In a first order approach you are right that it's wise to think most is processed by the 3D hardware. However CLOD requires CPU work and many other techniques too. For instance my terrain engine is infinite in precision and distance. To do this I need to feed the GPU with a lot of data updated per frame or at a lower rate and that's computed on the CPU. You mentionned physics. Todays games are far from being optimal in the way they implement physics. Imagine a game where any object that could be animated in real life could also be animated in the virtual scene. For instance you launch a rocket into a wall (made of individual bricks when you close up) and the bricks explode and may hit the player (col det).

So as you can see, if you want to use the GPU capacity at max then the CPU also becomes a serious bottleneck for most ambitious new challenges. Personnally I for instance generate new LODs of textures on the fly with all lighting self shadowing, etc ... You can see details of one millimeter. The GPU even with pixel shaders would be strangled because I use 16 passes of shadowing for each light to simulate penumbra. On the CPU I can devide the refresh rate by 100 and update once per second in the texture space, hardware blend between transitions. This is just one example.

Now for the math lib more specifically. Look at your most used functions found with your profiler. They are many certainly apart one or two main loops. But every where you will find basic maths. Sqrt, RSqrt, dot/cross products, quaternions, etc ... OK now here is something I tell you not by vanity but just because I was surprised myself in one of the fields I consider I am mastering. There is an incredible difference between optimal C/C++ code relying on asm or intrisics (let's call it OPTI) and standard OOP math classes (I call it STD). The factor is (read well) :

- between 10 and 100 in STD debug mode
- between 2 and 20 in STD release mode
- OPTI is at worst only 50% slower than the most scheduled handwritten assembly code (twenty years of asm coding exp in my bag.) and it sometimes even beats it because my C macros/functions lets the compiler reorder code in big functions which would be impossible using macros in asm coding for instance.

So as you can see there is a lot of room for improvement in common math libs.

Now here is my conclusion. I always tend to resist to the fashions of the day in computer sciences. Such simplistic assertions made by "software engineers" who think for instance that compilers are so performant that they do everything for you once you code decently in C++. That's false I always see layers in my software architecture. In the lower layers I still keep a fair ammount of crazy hacks. But all in all my code compiles on a Mac, PC or Unix seamlessly even when I code on Windows during one week. Now today the illusion is that one can do everything with (vertex/pixel) shaders. Yep everything in a demo. But you won't fill my infinite scenes with shaders only. You need algorithms. Remember that the CPU is where still lays the most freedom and creativity potential because it's a generic processor, that's where you design the highest level and thus the most crucial optimizations. For instance it used to be the BSP trees. Now ABT or Quad Trees.
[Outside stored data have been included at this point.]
Lemma gram_quad d : (d^T *m (gram *m d)) 0 0 = \sum_i vnorm (B i *m d) ^+ 2.
Proof.
rewrite /gram mulmx_suml mulmx_sumr summxE; apply: eq_bigr => i _.
by rewrite vnorm_sqr_mx trmx_mul !mulmxA.
Qed.

Lemma mulmx_kerproj i u : B i *m kerproj u = B i *m u.
Proof.
apply/eqP; rewrite -subr_eq0 -mulmxBr; apply/eqP.
set d := kerproj u - u.
have gram_d : gram *m d = 0 by rewrite mulmxBr gram_kerproj subrr.
have : \sum_j vnorm (B j *m d) ^+ 2 = 0 by rewrite -gram_quad gram_d mulmx0 mxE.
move/psumr_eq0P => /(_ (fun j _ => sqr_ge0 _) i isT) /eqP.
by rewrite sqrf_eq0 => /eqP /vnorm_eq0.
Qed.

Lemma ler_mxnorm_kerproj u : `|kerproj u| <=
  mxsum_abs (pinvmx gram)^T * \sum_i mxsum_abs (B i)^T * vnorm (B i *m u).
Proof.
apply: le_trans (ler_mxnorm_mulmx _ _) _; rewrite ler_wpM2l ?mxsum_abs_ge0 //.
rewrite /gram mulmx_suml; apply: le_trans (ler_norm_sum _ _ _) _.
apply: ler_sum => i _; rewrite -mulmxA; apply: le_trans (ler_mxnorm_mulmx _ _) _.
by rewrite ler_wpM2l ?mxsum_abs_ge0 ?ler_mxnorm_vnorm.
Qed.

End CommonKernelProjection.

Section TupleLast.
Variables (T : Type) (k : nat).

Definition tlast (t : k.+1.-tuple T) : T := tnth t ord_max.

Definition tbelast (t : k.+1.-tuple T) : k.-tuple T :=
  [tuple tnth t (widen_ord (leqnSn k) j) | j < k].

Lemma tlast_rcons (t : k.-tuple T) x : tlast (rcons_tuple t x) = x.
Proof. by rewrite /tlast (tnth_nth x) /= nth_rcons size_tuple ltnn eqxx. Qed.

Lemma tbelast_rcons (t : k.-tuple T) x : tbelast (rcons_tuple t x) = t.
Proof.
apply: eq_from_tnth => j; rewrite tnth_mktuple (tnth_nth x) /=.
by rewrite nth_rcons size_tuple ltn_ord -tnth_nth.
Qed.

Lemma val_rcons_tuple (t : k.-tuple T) x : val (rcons_tuple t x) = rcons t x.
Proof. by []. Qed.

Lemma thead_rcons (t : k.+1.-tuple T) x : thead (rcons_tuple t x) = thead t.
Proof. by case: t => -[|a l]. Qed.

End TupleLast.

Section ClosedLoop.
Variables (R : realType) (Sigma : finType) (n m : nat).
Variables (A : Sigma -> 'M[R]_n) (B : Sigma -> 'M[R]_(n, m)).
Local Notation controller := (controller R Sigma n m).
Local Notation hist := (hist A B).
Local Notation phi := (phi A B).
Local Notation cost := (cost A B).
Local Notation Vfun := (Vfun A B).
Local Notation maxV := (maxV A B).

Definition scons (i : Sigma) (s : nat -> Sigma) : nat -> Sigma :=
  fun j => if j is j'.+1 then s j' else i.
So remember this : the GPU is the lair of brute force. The CPU is the lair of subtle force, algorithms. Thus the real potential of CPU may in fact still surpass totally the equivalent GPU implementations. Thus code level optimizations on the CPU, the purpose of my math lib, must be overweighted by a huge factor, 100 in my terrain textures example.

When this assertion will become false when the boundary between the GPU and CPU will be very unclear. It is already the case in the very interesting but complex architecture of the PS2. On the PS2 you need to handle the CPU AND GPU very precisely, not only the GPU. On a PC it's also what one should try to do.

(I read again, sorry it's late, and my english sucks, I hope you understood what I meant.)


[edited by - Charles B on November 29, 2003 9:31:26 PM]

Share this post


Link to post
Share on other sites
everything you said makes sense (I did have a little bit of trouble understanding what you meant, so I read what you wrote twice), and I'm not at the point where I have to worry about things like per pixel lighting and stencil shadows, so I have plenty of processing power to do what I want. It's difficult enough to actually write a game engine, and there are no tutorials out there that say 'this is how you write a game engine'. you mentioned rendering in software. I was wondering, how many developers (aside from device driver writers who implemented OpenGL and direct3D) actually know how to write a software renderer? I know the basics of casting a ray out into the world to intersect objects, finding where it intersects the view plane, and interpolating across the polygon to visit each pixel across each scanline applying the texture/color, but I haven't actually written a software renderer and I don't know if it is a good idea to spend the time to do so. Would that be somethign that I should take the time to learn and implement? I'm wary of going into extrememly difficult things such as that because I'm afraid it will take too long, and I could be heavily focusing on my BSP game engine (which renders with OpenGL only right now).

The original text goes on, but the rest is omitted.